AI Prompt Gear is designed as a reference site. That means editorial work is expected to support long-term understanding, comparison, and decision framing rather than fast publishing volume.

Every substantive page should be able to stand on its own for a defined professional reader. The page should not exist only because a phrase appears to have search volume.

Before a new page is published or an existing page is substantially refreshed, it should pass these checks:

  • The reader and decision are clear.
  • The title and description accurately summarize the page.
  • The page provides analysis, tradeoffs, or implementation guidance beyond a summary of public announcements.
  • Internal links help the reader continue the task instead of forcing a crawl path.
  • Structured data describes the actual page topic and visible content.
  • The page can be reviewed later when pricing, product behavior, or operating assumptions change.

Pages are intended to:

  • Start from a real team problem or decision.
  • Explain tradeoffs rather than only listing features.
  • Distinguish clearly between operator guidance, tooling choices, and model decisions.
  • Be revisited when material assumptions change.

Pages should be revised, merged, or removed from promotion when they become thin, duplicative, stale, misleading, or primarily search-engine-first.

  • Give enough detail for a product, engineering, support, security, or operations reader to act, reject, or escalate a decision.
  • Avoid broad AI enthusiasm unless it is tied to workflow economics, governance, evaluation, implementation risk, or measurable user value.
  • Connect model, tool, prompt, and workflow claims to the operating boundary where they actually matter.

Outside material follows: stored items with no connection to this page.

(* Let $\mathbb{K}\in\{\mathbb{R},\mathbb{C}\}$, $\mathbf{R}_U\in\mathbb{K}^{n\times n}$ self-adjoint positive definite, $U:=\mathbb{K}^n$ with $\langle\mathbf{x},\mathbf{y}\rangle_U:=\langle\mathbf{R}_U\mathbf{x},\mathbf{y}\rangle$, norm $\|\cdot\|_U$, dual norm $\|\mathbf{y}\|_{U'}:=\langle\mathbf{y},\mathbf{R}_U^{-1}\mathbf{y}\rangle^{1/2}$. Fix $\mu$, an invertible $\mathbf{A}(\mu)\in\mathbb{K}^{n\times n}$, $\mathbf{b}(\mu),\mathbf{l}(\mu)\in\mathbb{K}^n$, $\mathbf{u}(\mu):=\mathbf{A}(\mu)^{-1}\mathbf{b}(\mu)$, $s(\mu):=\langle\mathbf{l}(\mu),\mathbf{u}(\mu)\rangle$, and arbitrary vectors $\mathbf{u}_r(\mu),\mathbf{u}_r^{\mathrm{du}}(\mu)\in U$. Let $\mathbf{r}(\mathbf{x};\mu):=\mathbf{b}(\mu)-\mathbf{A}(\mu)\mathbf{x}$, $\mathbf{r}^{\mathrm{du}}(\mathbf{x};\mu):=-\mathbf{l}(\mu)-\mathbf{A}(\mu)^{\mathrm{H}}\mathbf{x}$, $s_r(\mu):=\langle\mathbf{l}(\mu),\mathbf{u}_r(\mu)\rangle$, let $\mathbf{\Theta}\in\mathbb{K}^{k\times n}$ and $$s_r^{\mathrm{spd}}(\mu):=s_r(\mu)-\langle\mathbf{\Theta}\mathbf{u}_r^{\mathrm{du}}(\mu),\mathbf{\Theta}\mathbf{R}_U^{-1}\mathbf{r}(\mathbf{u}_r(\mu);\mu)\rangle.$$ Let $\eta(\mu)>0$ satisfy $\eta(\mu)\le\min_{\mathbf{x}\in U\setminus\{\mathbf{0}\}}\|\mathbf{A}(\mu)\mathbf{x}\|_{U'}/\|\mathbf{x}\|_U$. If for some $\varepsilon\in[0,1)$, $|\langle\mathbf{x},\mathbf{y}\rangle_U-\langle\mathbf{\Theta}\mathbf{x},\mathbf{\Theta}\mathbf{y}\rangle|\le\varepsilon\|\mathbf{x}\|_U\|\mathbf{y}\|_U$ for all $\mathbf{x},\mathbf{y}\in\mathrm{span}\{\mathbf{u}_r^{\mathrm{du}}(\mu),\mathbf{R}_U^{-1}\mathbf{r}(\mathbf{u}_r(\mu);\mu)\}$, then $$|s(\mu)-s_r^{\mathrm{spd}}(\mu)|\le\frac{\|\mathbf{r}(\mathbf{u}_r(\mu);\mu)\|_{U'}}{\eta(\mu)}\Big((1+\varepsilon)\|\mathbf{r}^{\mathrm{du}}(\mathbf{u}_r^{\mathrm{du}}(\mu);\mu)\|_{U'}+\varepsilon\|\mathbf{l}(\mu)\|_{U'}\Big).$$
   Context: $\langle\mathbf{x},\mathbf{y}\rangle=\mathbf{x}^{\mathrm{H}}\mathbf{y}$ is the canonical inner product; $\mathbf{M}^{\mathrm{H}}$ is the (conjugate) transpose. *)

(* The scalar field K is modelled inside an arbitrary
   numClosedFieldType C (e.g. C = complex R for R : realType, giving K = C,
   or the real subfield of C, giving K = R).  The boolean [realK] selects
   K = real elements of C (realK = true) or K = C (realK = false). *)
From HB Require Import structures.
From mathcomp Require Import all_boot all_order all_algebra.
Set Implicit Arguments. Unset Strict Implicit. Unset Printing Implicit Defensive.
Import Order.TTheory GRing.Theory Num.Theory.
Local Open Scope ring_scope.

Section Defs.
Variable C : numClosedFieldType.

Definition inK (realK : bool) (c : C) : bool := realK ==> (c \is Num.real).

Definition mxInK (realK : bool) m p (M : 'M[C]_(m, p)) : Prop :=
  forall i j, inK realK (M i j).

Definition dotp n (x y : 'cV[C]_n) : C := \sum_(i < n) (x i 0)^* * y i 0.

Definition adjmx m p (M : 'M[C]_(m, p)) : 'M[C]_(p, m) := map_mx Num.conj M^T.

Definition selfadjoint n (M : 'M[C]_n) : Prop := adjmx M = M.

Definition posdef (realK : bool) n (M : 'M[C]_n) : Prop :=
  forall x : 'cV[C]_n, mxInK realK x -> x != 0 -> 0 < dotp (M *m x) x.

Definition dotU n (RU : 'M[C]_n) (x y : 'cV[C]_n) : C := dotp (RU *m x) y.
Definition normU n (RU : 'M[C]_n) (x : 'cV[C]_n) : C := sqrtC (dotU RU x x).
Definition normUd n (RU : 'M[C]_n) (y : 'cV[C]_n) : C :=
  sqrtC (dotp y (invmx RU *m y)).

Definition inspan2 (realK : bool) n (v w x : 'cV[C]_n) : Prop :=
  exists a b, [/\ inK realK a, inK realK b & x = a *: v + b *: w].

Definition resid n (A : 'M[C]_n) (b x : 'cV[C]_n) : 'cV[C]_n := b - A *m x.
Definition resid_du n (A : 'M[C]_n) (l x : 'cV[C]_n) : 'cV[C]_n :=
  - l - adjmx A *m x.
End Defs.

(* With e := u - u_r we have A e = r(u_r), so the output error s - s_r equals
   <l, e> = -<r^du(u_r^du), e> - <u_r^du, R_U^{-1} r(u_r)>_U.  The first term is
   bounded by ||r^du||_{U'} ||r||_{U'} / eta through the inf-sup constant; the
   second is replaced in s_r^spd by its sketch, whose defect is at most
   eps ||u_r^du||_U ||r||_{U'} by the embedding property.  Finally
   A^H u_r^du = -r^du - l and A^H has the same inf-sup constant as A, so
   ||u_r^du||_U <= (||r^du||_{U'} + ||l||_{U'}) / eta. *)
From HB Require Import structures.
From mathcomp Require Import all_boot all_order all_algebra ring.
Set Implicit Arguments. Unset Strict Implicit. Unset Printing Implicit Defensive.
Import Order.TTheory GRing.Theory Num.Theory.
Local Open Scope ring_scope.

Section Sesquilinear.
Variable C : numClosedFieldType.
Implicit Types (c : C) (n : nat).

Lemma dotpE n (x y : 'cV[C]_n) : dotp x y = (adjmx x *m y) 0 0.
Proof. by rewrite mxE; apply: eq_bigr => i _; rewrite !mxE. Qed.

Lemma adjmxM m n p (M : 'M[C]_(m, n)) (N : 'M[C]_(n, p)) :
  adjmx (M *m N) = adjmx N *m adjmx M.
Proof. by rewrite /adjmx trmx_mul map_mxM. Qed.

Lemma adjmxK m n (M : 'M[C]_(m, n)) : adjmx (adjmx M) = M.
Proof. by apply/matrixP => i j; rewrite !mxE conjCK. Qed.

Lemma dotp_adjmx m n (M : 'M[C]_(m, n)) x y : dotp (M *m x) y = dotp x (adjmx M *m y).
Proof. by rewrite !dotpE adjmxM mulmxA. Qed.

Lemma conj_dotp n (x y : 'cV[C]_n) : (dotp x y)^* = dotp y x.
Proof.
by rewrite /dotp rmorph_sum; apply: eq_bigr => i _; rewrite rmorphM /= conjCK mulrC.
Qed.

Lemma dotp0l n (x : 'cV[C]_n) : dotp 0 x = 0.
Proof. by rewrite /dotp big1 // => i _; rewrite mxE rmorph0 mul0r. Qed.

Lemma dotp0r n (x : 'cV[C]_n) : dotp x 0 = 0.
Proof. by rewrite /dotp big1 // => i _; rewrite mxE mulr0. Qed.

Lemma dotpDl n (x y z : 'cV[C]_n) : dotp (x + y) z = dotp x z + dotp y z.
Proof. by rewrite /dotp -big_split; apply: eq_bigr => i _; rewrite mxE rmorphD mulrDl. Qed.

Lemma dotpDr n (x y z : 'cV[C]_n) : dotp x (y + z) = dotp x y + dotp x z.
Proof. by rewrite /dotp -big_split; apply: eq_bigr => i _; rewrite mxE mulrDr. Qed.

Lemma dotpZl n c (x y : 'cV[C]_n) : dotp (c *: x) y = c^* * dotp x y.
Proof. by rewrite /dotp mulr_sumr; apply: eq_bigr => i _; rewrite mxE rmorphM mulrA. Qed.

Lemma dotpZr n c (x y : 'cV[C]_n) : dotp x (c *: y) = c * dotp x y.
Proof. by rewrite /dotp mulr_sumr; apply: eq_bigr => i _; rewrite mxE mulrCA. Qed.

Lemma dotpNl n (x y : 'cV[C]_n) : dotp (- x) y = - dotp x y.
Proof. by rewrite -scaleN1r dotpZl rmorphN1 mulN1r. Qed.

End Sesquilinear.

Section ScalarField.
Variables (C : numClosedFieldType) (realK : bool).

Lemma inKP (c : C) : reflect (realK -> c^* = c) (inK realK c).
Proof.
rewrite /inK; case: realK => /=; last by left.
by apply: (iffP idP) => [/CrealP -> | /(_ isT)/CrealP].
Qed.

Lemma mxInKP m p (M : 'M[C]_(m, p)) :
  mxInK realK M <-> (realK -> map_mx Num.conj M = M).
Proof.
split=> [MK rK | MK i j].
  by apply/matrixP => i j; rewrite mxE; move/inKP: (MK i j) => ->.
by apply/inKP => rK; rewrite -[in RHS](MK rK) mxE.
Qed.

Lemma inspan2_l n (v w : 'cV[C]_n) : inspan2 realK v w v.
Proof.
by exists 1, 0; split; [apply/inKP; rewrite rmorph1 | apply/inKP; rewrite rmorph0 |
  rewrite scale1r scale0r addr0].
Qed.

Lemma inspan2_r n (v w : 'cV[C]_n) : inspan2 realK v w w.
Proof.
by exists 0, 1; split; [apply/inKP; rewrite rmorph0 | apply/inKP; rewrite rmorph1 |
  rewrite scale1r scale0r add0r].
Qed.

Lemma mxInK0 m p : mxInK realK (0 : 'M[C]_(m, p)).
Proof. by apply/mxInKP => _; rewrite map_mx0. Qed.

Lemma mxInKD m p (M N : 'M[C]_(m, p)) :
  mxInK realK M -> mxInK realK N -> mxInK realK (M + N).
Proof. by move=> /mxInKP MK /mxInKP NK; apply/mxInKP => rK; rewrite map_mxD MK ?NK. Qed.

Lemma mxInKN m p (M : 'M[C]_(m, p)) : mxInK realK M -> mxInK realK (- M).
Proof. by move=> /mxInKP MK; apply/mxInKP => rK; rewrite map_mxN MK. Qed.

Lemma mxInKB m p (M N : 'M[C]_(m, p)) :
  mxInK realK M -> mxInK realK N -> mxInK realK (M - N).
Proof. by move=> MK NK; apply: mxInKD => //; apply: mxInKN. Qed.

Lemma mxInKZ m p c (M : 'M[C]_(m, p)) :
  inK realK c -> mxInK realK M -> mxInK realK (c *: M).
Proof.
by move=> /inKP cK /mxInKP MK; apply/mxInKP => rK; rewrite map_mxZ /= MK ?cK.
Qed.

Lemma mxInKM m p q (M : 'M[C]_(m, p)) (N : 'M[C]_(p, q)) :
  mxInK realK M -> mxInK realK N -> mxInK realK (M *m N).
Proof. by move=> /mxInKP MK /mxInKP NK; apply/mxInKP => rK; rewrite map_mxM MK ?NK. Qed.

Lemma mxInK_adjmx m p (M : 'M[C]_(m, p)) : mxInK realK M -> mxInK realK (adjmx M).
Proof.
by move=> /mxInKP MK; apply/mxInKP => rK; rewrite /adjmx -map_trmx MK // -map_trmx MK.
Qed.

Lemma mxInK_invmx m (M : 'M[C]_m) : mxInK realK M -> mxInK realK (invmx M).
Proof. by move=> /mxInKP MK; apply/mxInKP => rK; rewrite map_invmx MK. Qed.

Lemma mxInK_resid n (A : 'M[C]_n) b x :
  mxInK realK A -> mxInK realK b -> mxInK realK x -> mxInK realK (resid A b x).
Proof. by move=> AK bK xK; apply: mxInKB => //; apply: mxInKM. Qed.

Lemma mxInK_resid_du n (A : 'M[C]_n) l x :
  mxInK realK A -> mxInK realK l -> mxInK realK x -> mxInK realK (resid_du A l x).
Proof.
by move=> AK lK xK; apply: mxInKB; [apply: mxInKN | apply: mxInKM => //; apply: mxInK_adjmx].
Qed.

Lemma dotp_inK n (x y : 'cV[C]_n) :
  mxInK realK x -> mxInK realK y -> inK realK (dotp x y).
Proof. by move=> xK yK; rewrite dotpE; apply: mxInKM => //; apply: mxInK_adjmx. Qed.

End ScalarField.

Section EnergyNorm.
Variables (C : numClosedFieldType) (realK : bool) (n : nat) (RU : 'M[C]_n).
Hypotheses (RUK : mxInK realK RU) (RU_sa : selfadjoint RU) (RU_pd : posdef realK RU).
Implicit Types x y z : 'cV[C]_n.

(* When realK holds, posdef only tests real vectors; the kernel of the real
   matrix RU is spanned by real vectors because kermx commutes with conjugation. *)
Lemma posdef_unitmx : RU \in unitmx.
Proof.
apply: contraT; rewrite -row_free_unit -kermx_eq0 => ker_nz.
have [K [KRU KK /matrix0Pn[i [j Kij]]]] :
    exists K : 'M_n, [/\ K *m RU = 0, mxInK realK K & K != 0].
  exists (kermx RU); split=> //; first exact: mulmx_ker.
  by move/mxInKP: RUK => RUr; apply/mxInKP => rK; rewrite map_kermx RUr.
pose x := adjmx (row i K).
have xK : mxInK realK x by apply: mxInK_adjmx => a b; rewrite mxE; apply: KK.
have x_nz : x != 0.
  by apply/eqP => /matrixP/(_ j 0); rewrite !mxE => /eqP; rewrite conjC_eq0 (negPf Kij).
have RUx : RU *m x = 0 by rewrite -[in LHS]RU_sa -adjmxM -row_mul KRU row0 /adjmx trmx0 map_mx0.
by have := RU_pd xK x_nz; rewrite RUx dotp0l ltxx.
Qed.

Lemma dotU_ge0 x : mxInK realK x -> 0 <= dotU RU x x.
Proof.
move=> xK; have [->|x_nz] := eqVneq x 0; first by rewrite /dotU mulmx0 dotp0l.
exact: ltW (RU_pd xK x_nz).
Qed.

A page should not be published only because an AI term is popular. Before a page becomes part of the reference system, it should answer:

  1. Which reader owns the decision?
  2. What expensive confusion, risk, or buying mistake does the page prevent?
  3. What implementation detail, cost boundary, eval rule, or governance control makes the answer usable?
  4. What should the reader do next if they are moving from research to rollout?
  5. Which assumptions must be reviewed when models, prices, APIs, or product behavior change?

Pages that only summarize trends, repeat vendor language, or create near-duplicate topic variants should be expanded, merged, or deprioritized.

Coverage may draw on public documentation, product information, industry materials, operating patterns, and structured comparison work. When a page depends on changing product behavior or pricing-sensitive claims, it should be treated as reviewable rather than permanent.

News-sensitive AI pages are expected to move quickly from announcement summary into implementation consequence: rollout boundary, cost model, governance impact, evaluation need, or workflow design. If that durable decision layer is missing, the topic should not become a permanent reference page.

AI assistance and editorial responsibility

Section titled “AI assistance and editorial responsibility”

AI assistance may be used for outlining, drafting, and auditing, but the reason for publishing must remain reader value. A page still needs original synthesis, clear tradeoffs, useful internal links, and a decision model that a serious practitioner would recognize as practical.

Titles, descriptions, headings, and structured metadata should describe the same visible page. A page should not imply current pricing, benchmark certainty, product endorsement, or rich-result eligibility unless the body content supports that claim. Internal links should help readers continue a coherent implementation path rather than simply increase link count.

If a page appears inaccurate, outdated, or misleading, a correction request can be submitted through the contact channel. Important reference pages may be revised as tools, workflows, and provider capabilities change.

Future advertising, sponsorships, or affiliate relationships are intended to remain separate from editorial judgment. Commercial arrangements should not silently control how pages are researched, compared, or updated.